The challenge of making custard kulfi or lies mainly in separating the pulp from the seeds since the black, teardrop-shaped seeds are encased in individual carpels of pulp. And there are many berry-like segments in each fruit. But there is a hack to loosening the seeds to extract the pulp. Since ripe custard apple flesh is really delicate, I chose not to puree it in the blender. Mashing it roughly with a fork leaves small succulent bits which give the kulfi a nice texture and the sense of eating the fruit itself. The short video below shows you how easy it is to knock those pesky seeds out. All you need is a whisk and a sieve. As you whisk the flesh, the seeds magically shed the soft tissue, which you can scoop out with a spoon.
There’s nothing wrong with taking a shortcut if the end result is as good as taking the long route. In other words, instead of standing around waiting for milk to boil down to half, I prefer to use equal quantities of single cream and milk. This significantly reduces the cooking time and I also add condensed milk instead of sugar. This way I get beautifully thick, satiny kulfi. I’ve made it so many times now and every time it gets wiped out.
For custard apple kulfi, I made the custard base as usual, boiling milk and cream for a bit till thick, then adding condensed milk, cooling the mixture and finally mixing in custard apple pulp. The recipe you’ll notice has only a small quantity of condensed milk; this is because ripe custard apples are intensely sweet and I don’t like cloyingly sweet desserts.To add some crunch to this creamy concoction, toasted black sesame seeds seemed like a good choice. They build an extra element of flavour as well. You can add them or leave them out if you wish. Either way, you’ll have an easy but really delicious custard apple dessert to relish. Kulfi is frozen in kulfi molds but popsicle mold work equally well.
- 250 ml whole milk
- 250 ml light cream
- 300 g custard apple pulp (2-3 custard apples depending on their size)
- 100 ml condensed milk
- 1 ½ tbsp toasted black sesame seeds (optional)
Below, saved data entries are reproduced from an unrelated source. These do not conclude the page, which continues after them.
Lemma span_generator_maps : generator_maps span_hom span_iA span_iE span_iD.
Proof.
rewrite /span_hom; do ![split].
- by move=> a b; apply: val_inj; apply: (iAD Hgm).
- by move=> a b; apply: val_inj; apply: (iAM Hgm).
- by apply: val_inj; apply: (iA1 Hgm).
- exact: (hom_iA Hgm).
- by move=> x y; apply: val_inj; apply: (iED Hgm).
- by move=> a x; apply: val_inj; apply: (iEZ Hgm).
- exact: (hom_iE Hgm).
- move=> D D' HD HD'; apply: val_inj.
  by rewrite rmorphD /= !span_iDE ?(iDD Hgm) //; apply: der_addP.
- move=> a D HD; apply: val_inj.
  by rewrite rmorphM /= !span_iDE ?(iDZ Hgm) //; apply: der_scaleP.
- by move=> D HD; rewrite span_iDE //; apply: (hom_iD Hgm).
Qed.

(* The span is a graded-commutative algebra receiving the generators, so the
   universal property gives a retraction of the inclusion. *)
Lemma free_graded_span t :
  exists s : seq (nat * T), (forall p, p \in s -> good p.1 p.2) /\ t = \sum_(p <- s) p.2.
Proof.
have [phi [phiR [phiA [phiE [phiD _]]]]] :=
  Hfree span_graded_commutative span_generator_maps.
have [phi0 [_ [_ [_ [_ uniq]]]]] := Hfree Hgc Hgm.
have -> : t = val (phi t).
  transitivity (phi0 t); first exact: (uniq id).
  have [vD [vM v1]] := phiR.
  symmetry; apply: (uniq (fun t => val (phi t))).
  - by do ![split]=> [x y|x y|]; rewrite ?vD ?vM ?v1 ?rmorphD ?rmorphM.
  - by move=> a; rewrite phiA.
  - by move=> x; rewrite phiE.
  - by move=> D HD; rewrite phiD // span_iDE.
by have /asboolP := valP (phi t).
Qed.
Lemma pf2_seq_shift b w : pf2_seq b -> 0 < w -> pf2_seq (fun n => b n + w * b n.+1).
Proof.
move=> pf2b w0; have [b0 lc niz] := pf2b.
have bw0 k : 0 <= b k + w * b k.+1 by rewrite addr_ge0 // mulr_ge0 // ltW.
split=> // [n|i j k /andP[ij jk] bwi bwk].
  rewrite -subr_ge0.
  have -> : (b n.+1 + w * b n.+2) ^+ 2 - (b n + w * b n.+1) * (b n.+2 + w * b n.+3)
    = (b n.+1 ^+ 2 - b n * b n.+2) + w * (b n.+1 * b n.+2 - b n * b n.+3)
      + w ^+ 2 * (b n.+2 ^+ 2 - b n.+1 * b n.+3) by ring.
  have cross : 0 <= b n.+1 * b n.+2 - b n * b n.+3 by rewrite subr_ge0 pf2_seq_cross.
  have lc0 : 0 <= b n.+1 ^+ 2 - b n * b n.+2 by rewrite subr_ge0.
  have lc1 : 0 <= b n.+2 ^+ 2 - b n.+1 * b n.+3 by rewrite subr_ge0.
  have w0' := ltW w0.
  by apply: addr_ge0; [apply: addr_ge0 | ]; rewrite // mulr_ge0 // exprn_ge0.
have pos_pair x : 0 < b x + w * b x.+1 -> 0 < b x \/ 0 < b x.+1.
  move=> bwx; case: (ltrP 0 (b x)) => [bx | bx0]; [by left | right].
  have bx : b x = 0 by apply/eqP; rewrite eq_le bx0 b0.
  by move: bwx; rewrite bx add0r pmulr_rgt0.
apply: lt_le_trans (_ : b j <= _); last by rewrite lerDl mulr_ge0 // ltW.
have [x [xj bx]] : exists x, (x <= j)%N /\ 0 < b x.
  by case: (pos_pair i bwi) => ?; [exists i; rewrite (ltnW ij) | exists i.+1].
have [z [jz bz]] : exists z, (j < z)%N /\ 0 < b z.
  by case: (pos_pair k bwk) => ?; [exists k | exists k.+1; rewrite ltnS (ltnW jk)].
have [<- //|xj'] := eqVneq x j.
by apply: (niz x j z); rewrite // ltn_neqAle xj' xj.
Qed.

Lemma pf2_seq_gaps b : (forall n, 0 <= b n) ->
  (forall p q, (p.+1 < q)%N -> (forall k, (p < k < q)%N -> b k = 0) -> b p * b q <= 0) ->
  forall i j k, (i < j < k)%N -> 0 < b i -> 0 < b k -> 0 < b j.
Proof.
move=> b0 gaps i j k /andP[ij jk] bi bk.
rewrite lt_def b0 andbT; apply/negP => /eqP bj.
have exP : exists x, (x <= j)%N && (0 < b x) by exists i; rewrite ltnW.
have ubP x : (x <= j)%N && (0 < b x) -> (x <= j)%N by case/andP.
case: (ex_maxnP exP ubP) => p /andP[pj bp] pmax.
have exQ : exists x, (j <= x)%N && (0 < b x) by exists k; rewrite ltnW.
case: (ex_minnP exQ) => q /andP[jq bq] qmin.
have zero x : (p < x < q)%N -> b x = 0.
  case/andP=> px xq; apply/eqP; rewrite eq_le b0 andbT leNgt; apply/negP => bx.
  have [xj|jx] := leqP x j.
    by have := pmax x; rewrite xj bx => /(_ isT); lia.
  by have := qmin x; rewrite ltnW // bx => /(_ isT); lia.
have pj' : p != j by apply: contraTneq bp => ->; rewrite bj ltxx.
have jq' : j != q by apply: contraTneq bq => <-; rewrite bj ltxx.
have := gaps p q ltac:(lia) zero.
by rewrite leNgt mulr_gt0.
Qed.

Lemma pf2_seq_on b ell : (forall n, 0 <= b n) -> (forall n, (ell < n)%N -> b n = 0) ->
  pf2_seq b <-> log_concave_on b 0 ell /\ no_internal_zeros_on b 0 ell.
Proof.
move=> b0 b_ell; split.
  case=> _ lc niz; split=> [[|k] //= _ | i j k _ ij jk _].
  rewrite mulf_eq0 negb_or => /andP[bi bk].
  by rewrite gt_eqF // (niz i j k) ?ij ?jk // lt_def ?bi ?bk b0.
case=> lc niz; split=> // [k | i j k /andP[ij jk] bi bk].
  have [kl|lk] := ltnP k.+1 ell; first exact: (lc k.+1).
  by rewrite (b_ell k.+2) ?mulr0 ?sqr_ge0.
have kl : (k <= ell)%N by rewrite leqNgt; apply: contraTN bk => /b_ell ->; rewrite ltxx.
rewrite lt_def b0 andbT (niz i j k) //.
by rewrite mulf_neq0 // gt_eqF.
Qed.

Definition rev_seq b r j : R := if (j <= r)%N then b (r - j)%N else 0.

Lemma rev_seqE b r j : (j <= r)%N -> rev_seq b r j = b (r - j)%N.
Proof. by rewrite /rev_seq => ->. Qed.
- Pour the cream and milk into a saucepan and slowly bring to a boil. Reduce the heat and simmer, (stirring every now and then) till the mixture reduces by a third and is thick enough to lightly coat the back of a spoon.
- Now add the condensed milk and stir to mix.
- Remove the mixture from the stove and cool to room temperature.
- While the liquid mix is cooling, scoop the custard apple flesh into a sieve placed over a bowl and vigorously stir around with a wire whisk. The seeds will gradually separate from the fruit. Carefully remove the seeds and discard.
- Tip the fruit into the rest of the pulp in the bowl below and roughly mash with a fork. You can also puree it if you like.
- Mix the pulp into the cool cream mixture followed by the sesame seeds.
- Pour the kulfi mix into molds and chill for 5-6 hours till set.
- Total time does not include freezing time.